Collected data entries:
(* Let $(X,\{R_i\}_{i=0}^d)$ be a symmetric association scheme with adjacency matrices $A_0=I,\dots,A_d$ and intersection numbers $p_{ij}^k$, and let $W=\sum_{i=0}^dw_iA_i$ with $w_0=1$ be a complex Hadamard matrix. Suppose there exists $i\in\{1,\dots,d-1\}$ such that $p_{i_1,j_1}^i>0$ for all $i_1,j_1\in\{1,\dots,d-1\}$, and moreover $p_{i,j}^d>0$ for all $j\in\{1,\dots,d-1\}$. Then \[ H_4(W)\setminus\{1\}=\left\{\frac{w_{i_1}w_{i_2}}{w_{j_1}w_{j_2}}\;\middle|\;i_1,i_2,j_1,j_2\in\{1,\dots,d\}\right\}\setminus\{1\}. \]
   Context: An association scheme $(X,\{R_i\}_{i=0}^d)$ is a partition of $X\times X$ into relations $R_0=\{(x,x)\}$, $R_1,\dots,R_d$ such that for $(x,y)\in R_k$ the number $p_{ij}^k=|\{z\in X:(x,z)\in R_i,(z,y)\in R_j\}|$ depends only on $i,j,k$; symmetric means each $R_i$ is symmetric. $A_i$ is the $(0,1)$-matrix of $R_i$. A complex Hadamard matrix is a square complex matrix $H$ of order $n=|X|$ with entries of absolute value $1$ and $HH^*=nI$. For $W$ indexed by $X$, \[ H_4(W)=\left\{\frac{W_{x_1,y_1}W_{x_2,y_2}}{W_{x_2,y_1}W_{x_1,y_2}}\;\middle|\;x_1,x_2,y_1,y_2\in X,\ |\{x_1,x_2,y_1,y_2\}|=4\right\}. \] *)

From HB Require Import structures.
From mathcomp Require Import all_boot all_order all_algebra.
From mathcomp Require Import complex.
From mathcomp Require Import reals.
Set Implicit Arguments. Unset Strict Implicit. Unset Printing Implicit Defensive.
Import Order.TTheory GRing.Theory Num.Theory.
Local Open Scope ring_scope.

(* A scheme on the finite set X with classes 0..d is encoded by the relation
   function r : X -> X -> 'I_(d.+1), with (x,y) \in R_i <-> r x y = i. *)

Definition pcount (X : finType) (d : nat) (r : X -> X -> 'I_d.+1)
  (i j : 'I_d.+1) (x y : X) : nat :=
  #|[set z | (r x z == i) && (r z y == j)]|.

Definition sym_assoc_scheme (X : finType) (d : nat) (r : X -> X -> 'I_d.+1) : Prop :=
  [/\ (forall x y, (r x y == ord0) = (x == y)),
      (forall i : 'I_d.+1, exists x y, r x y = i),
      (forall x y, r x y = r y x) &
      (forall (i j : 'I_d.+1) x y x' y', r x y = r x' y' ->
          pcount r i j x y = pcount r i j x' y')].

(* intersection number p_ij^k (evaluated at some pair in R_k; 0 if R_k empty) *)
Definition inter_num (X : finType) (d : nat) (r : X -> X -> 'I_d.+1)
  (i j k : 'I_d.+1) : nat :=
  if [pick xy : X * X | r xy.1 xy.2 == k] is Some xy
  then pcount r i j xy.1 xy.2 else 0%N.

Definition adjA (X : finType) (d : nat) (r : X -> X -> 'I_d.+1) (C : nzRingType)
  (i : 'I_d.+1) (x y : X) : C := (r x y == i)%:R.

Definition schemeW (X : finType) (d : nat) (r : X -> X -> 'I_d.+1)
  (C : nzRingType) (w : 'I_d.+1 -> C) (x y : X) : C :=
  \sum_(i < d.+1) w i * adjA r C i x y.

Definition complex_hadamard (X : finType) (R : rcfType) (W : X -> X -> R[i]) : Prop :=
  (forall x y, `|W x y| = 1) /\
  (forall x y, \sum_(z : X) W x z * (W y z)^* = (x == y)%:R * #|X|%:R).

Definition H4 (X : finType) (C : fieldType) (W : X -> X -> C) (c : C) : Prop :=
  exists x1 x2 y1 y2 : X,
    [/\ uniq [:: x1; x2; y1; y2] &
        c = W x1 y1 * W x2 y2 / (W x2 y1 * W x1 y2)].

From HB Require Import structures.
From mathcomp Require Import all_boot all_order all_algebra.
From mathcomp Require Import complex.
From mathcomp Require Import reals.
From mathcomp Require Import ring.
Set Implicit Arguments. Unset Strict Implicit.
Import Order.TTheory GRing.Theory Num.Theory.
Local Open Scope ring_scope.

(* The entries of W are the weights w_k, so a quadruple (x1,x2,y1,y2) yields
   the ratio w_{r x1 y1} w_{r x2 y2} / (w_{r x2 y1} w_{r x1 y2}) with nonzero
   indices, which gives one inclusion. Conversely, fix x1, x2 in the class
   R_i: whenever one of a, e is below d, the intersection-number hypotheses
   give y1 with r x1 y1 = a, r y1 x2 = e, and similarly y2 for (b, f); the
   ratio being different from 1 forces y1 <> y2. Any four indices can be
   paired this way unless three of them equal d, and then the identity
   w_k w_d / (w_d w_d) = w_k w_i / (w_d w_i) gives the pairs (k, d), (i, i). *)

Lemma schemeW_rel (X : finType) (d : nat) (r : X -> X -> 'I_d.+1)
    (C : nzRingType) (w : 'I_d.+1 -> C) (x y : X) :
  schemeW r w x y = w (r x y).
Proof.
rewrite /schemeW (bigD1 (r x y)) //= /adjA eqxx mulr1 big1 ?addr0 // => k hk.
by rewrite eq_sym (negbTE hk) mulr0.
Qed.

Lemma inter_num_gt0P (X : finType) (d : nat) (r : X -> X -> 'I_d.+1)
    (i j k : 'I_d.+1) :
  (0 < inter_num r i j k)%N ->
  exists x y z, [/\ r x y = k, r x z = i & r z y = j].
Proof.
rewrite /inter_num; case: pickP => [[x y] /= /eqP hk|] //.
rewrite /pcount card_gt0 => /set0Pn [z]; rewrite inE => /andP [/eqP h1 /eqP h2].
by exists x, y, z.
Qed.

Definition splits (X : finType) (d : nat) (r : X -> X -> 'I_d.+1)
    (a b k : 'I_d.+1) : Prop :=
  forall x y, r x y = k -> exists z, r x z = a /\ r z y = b.

Section SymmetricScheme.

Variables (X : finType) (d : nat) (r : X -> X -> 'I_d.+1).
Hypothesis S : sym_assoc_scheme r.

Lemma rel_sym (x y : X) : r x y = r y x.
Proof. by case: S. Qed.

Lemma rel_gt0 (x y : X) : (0 < r x y)%N = (x != y).
Proof.
case: S => h0 _ _ _; rewrite -h0 lt0n.
by apply/idP/idP; apply: contra => /eqP; [move=> -> | move=> e; apply/eqP/val_inj].
Qed.

Lemma triangle_splits (x y z : X) : splits r (r x z) (r z y) (r x y).
Proof.
move=> x' y' e; case: S => _ _ _ hp.
have : (0 < pcount r (r x z) (r z y) x' y')%N.
  rewrite (hp _ _ x' y' x y e) /pcount card_gt0; apply/set0Pn; exists z.
  by rewrite inE !eqxx.
rewrite /pcount card_gt0 => /set0Pn [z']; rewrite inE => /andP [/eqP h1 /eqP h2].
by exists z'.
Qed.

Lemma splitsC (a b k : 'I_d.+1) : splits r a b k -> splits r b a k.
Proof.
move=> sp x y hxy; have [z [h1 h2]] := sp y x (etrans (rel_sym y x) hxy).
by exists z; rewrite rel_sym h2 rel_sym h1.
Qed.

Lemma inter_num_splits (a b k : 'I_d.+1) :
  (0 < inter_num r a b k)%N -> splits r a b k.
Proof. by case/inter_num_gt0P=> x [y [z [<- <- <-]]]; apply: triangle_splits. Qed.

(* Read off the triangle (z, x, y) instead of (x, y, z). *)
Lemma inter_num_splits_rot (a b k : 'I_d.+1) :
  (0 < inter_num r a b k)%N -> splits r b k a.
Proof.
case/inter_num_gt0P=> x [y [z [hk ha hb]]].
by rewrite -ha -hb -hk (rel_sym x y) (rel_sym x z); apply: triangle_splits.
Qed.

Lemma H4_of_splits (R : rcfType) (w : 'I_d.+1 -> R[i]) (i a e b f : 'I_d.+1) :
  (forall k, w k != 0) -> (0 < i)%N ->
  (0 < a)%N -> (0 < e)%N -> (0 < b)%N -> (0 < f)%N ->
  splits r a e i -> splits r b f i ->
  w a * w b / (w e * w f) != 1 ->
  H4 (schemeW r w) (w a * w b / (w e * w f)).
Proof.
move=> wnz i0 a0 e0 b0 f0 sp_ae sp_bf c1.
have [x1 [x2 h12]] : exists x1 x2, r x1 x2 = i by case: S => _ hex _ _.
have [y1 [e1 e2]] := sp_ae _ _ h12.
have [y2 [e3 e4]] := sp_bf x2 x1 (etrans (rel_sym _ _) h12).
exists x1, x2, y1, y2; split; last by rewrite !schemeW_rel e1 e3 rel_sym e2 rel_sym e4.
have ne_y : y1 != y2.
  apply: contra_neq c1 => E; subst y2.
  have -> : f = a by rewrite -e1 -e4 rel_sym.
  have -> : b = e by rewrite -e3 -e2 rel_sym.
  by rewrite [w a * _]mulrC divff // mulf_neq0.
rewrite /= !inE !negb_or ne_y -!rel_gt0 (rel_sym x1 y2) (rel_sym x2 y1).
by rewrite h12 e1 e2 e3 e4 i0 a0 e0 b0 f0.
Qed.

End SymmetricScheme.

Lemma ord_max_geq (d : nat) (k : 'I_d.+1) : (d <= k)%N -> k = ord_max.
Proof. by move=> hk; apply/val_inj/eqP; rewrite eqn_leq hk -ltnS ltn_ord. Qed.

Definition nontop_pair (d : nat) (a e : 'I_d.+1) : bool :=
  [&& 0 < a, 0 < e & (a < d) || (e < d)]%N.

Lemma nontop_pair_splits (X : finType) (d : nat) (r : X -> X -> 'I_d.+1)
    (i : 'I_d.+1) :
  sym_assoc_scheme r ->
  (forall i1 j1 : 'I_d.+1, (0 < i1)%N -> (i1 < d)%N ->
      (0 < j1)%N -> (j1 < d)%N -> (0 < inter_num r i1 j1 i)%N) ->
  (forall j : 'I_d.+1, (0 < j)%N -> (j < d)%N -> (0 < inter_num r i j ord_max)%N) ->
  forall a e : 'I_d.+1, nontop_pair a e -> splits r a e i.
Proof.
move=> S Hi Hd a e /and3P [a0 e0].
case: (ltnP a d) => ha; case: (ltnP e d) => he //= _.
- exact/inter_num_splits/Hi.
- by rewrite (ord_max_geq he); apply/(inter_num_splits_rot S)/Hd.
- by rewrite (ord_max_geq ha); apply/(splitsC S)/(inter_num_splits_rot S)/Hd.
Qed.

Lemma ratio_nontop_pairing (C : fieldType) (d : nat) (w : 'I_d.+1 -> C)
    (i i1 i2 j1 j2 : 'I_d.+1) :
  (forall k, w k != 0) -> (0 < i < d)%N ->
  (0 < i1)%N -> (0 < i2)%N -> (0 < j1)%N -> (0 < j2)%N ->
  w i1 * w i2 / (w j1 * w j2) != 1 ->
  exists a e b f : 'I_d.+1,
    [/\ nontop_pair a e, nontop_pair b f &
        w i1 * w i2 / (w j1 * w j2) = w a * w b / (w e * w f)].
Proof.
move=> wnz /andP [i0 id] p1 p2 p3 p4 c1.
have md : (0 < @ord_max d)%N by apply: leq_ltn_trans id.
have ii : nontop_pair i i by rewrite /nontop_pair i0 id.
rewrite /nontop_pair; move: c1.
case: (ltnP i1 d) => h1; case: (ltnP i2 d) => h2;
  case: (ltnP j1 d) => h3; case: (ltnP j2 d) => h4;
  try by [exists i1, j1, i2, j2; rewrite p1 p2 p3 p4 ?h1 ?h2 ?h3 ?h4 ?orbT
         |exists i1, j2, i2, j1; rewrite p1 p2 p3 p4 ?h1 ?h2 ?h3 ?h4 ?orbT;
          split=> //; rewrite [w j2 * _]mulrC];
  rewrite ?(ord_max_geq h1) ?(ord_max_geq h2) ?(ord_max_geq h3)
          ?(ord_max_geq h4) => c1.
- exists i1, ord_max, i, i; rewrite p1 h1 md; split=> //; field; by rewrite !wnz.
- exists i2, ord_max, i, i; rewrite p2 h2 md; split=> //; field; by rewrite !wnz.
- exists ord_max, j1, i, i; rewrite p3 h3 md orbT; split=> //; field; by rewrite !wnz.
- exists ord_max, j2, i, i; rewrite p4 h4 md orbT; split=> //; field; by rewrite !wnz.
- by move: c1; rewrite divff ?eqxx // mulf_neq0 ?wnz.
Qed.

Lemma hadamard_weight_neq0 (R : rcfType) (X : finType) (d : nat)
    (r : X -> X -> 'I_d.+1) (w : 'I_d.+1 -> R[i]) :
  sym_assoc_scheme r -> complex_hadamard (schemeW r w) -> forall k, w k != 0.
Proof.
case=> _ hex _ _ [unimod _] k; have [x [y <-]] := hex k.
by rewrite -schemeW_rel -normr_eq0 unimod oner_eq0.
Qed.

Theorem lemma5p3 (R : realType) (X : finType) (d : nat)
  (r : X -> X -> 'I_d.+1) (w : 'I_d.+1 -> R[i]) :
  sym_assoc_scheme r ->
  w ord0 = 1 ->
  complex_hadamard (schemeW r w) ->
  (exists i : 'I_d.+1,
     [/\ (0 < i)%N, (i < d)%N,
         (forall i1 j1 : 'I_d.+1, (0 < i1)%N -> (i1 < d)%N ->
             (0 < j1)%N -> (j1 < d)%N -> (0 < inter_num r i1 j1 i)%N) &
         (forall j : 'I_d.+1, (0 < j)%N -> (j < d)%N ->
             (0 < inter_num r i j ord_max)%N)]) ->
  forall c : R[i], c != 1 ->
    (H4 (schemeW r w) c <->
     exists i1 i2 j1 j2 : 'I_d.+1,
       [/\ (0 < i1)%N, (0 < i2)%N, (0 < j1)%N, (0 < j2)%N &
           c = w i1 * w i2 / (w j1 * w j2)]).
Proof.
move=> S _ hadW [i [i0 id Hi Hd]] c c1; split.
  case=> [x1 [x2 [y1 [y2 [uniq_x ->]]]]].
  exists (r x1 y1), (r x2 y2), (r x2 y1), (r x1 y2); rewrite !schemeW_rel !rel_gt0 //.
  move: uniq_x; rewrite /= !inE !negb_or.
  by case/and4P=> /and3P [_ -> ->] /andP [-> ->].
case=> i1 [i2 [j1 [j2 [p1 p2 p3 p4 E]]]]; rewrite {}E in c1 *.
have wnz := hadamard_weight_neq0 S hadW.
have i0d : (0 < i < d)%N by rewrite i0 id.
have [a [e [b [f [ae bf E]]]]] := ratio_nontop_pairing wnz i0d p1 p2 p3 p4 c1.
rewrite {}E in c1 *.
have split_i := nontop_pair_splits S Hi Hd.
move: (ae) (bf) => /and3P [a0 e0 _] /and3P [b0 f0 _].
exact: (H4_of_splits S wnz i0 a0 e0 b0 f0 (split_i _ _ ae) (split_i _ _ bf) c1).
Qed.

*Task directions*
From the entries above, give again exactly the lines running from the line with "[/\ uniq [:: x1; x2; y1; y2] &" to the line with "From mathcomp Require Import ring."; include both of those lines.

*Solution for this task*
    [/\ uniq [:: x1; x2; y1; y2] &
        c = W x1 y1 * W x2 y2 / (W x2 y1 * W x1 y2)].

From HB Require Import structures.
From mathcomp Require Import all_boot all_order all_algebra.
From mathcomp Require Import complex.
From mathcomp Require Import reals.
From mathcomp Require Import ring.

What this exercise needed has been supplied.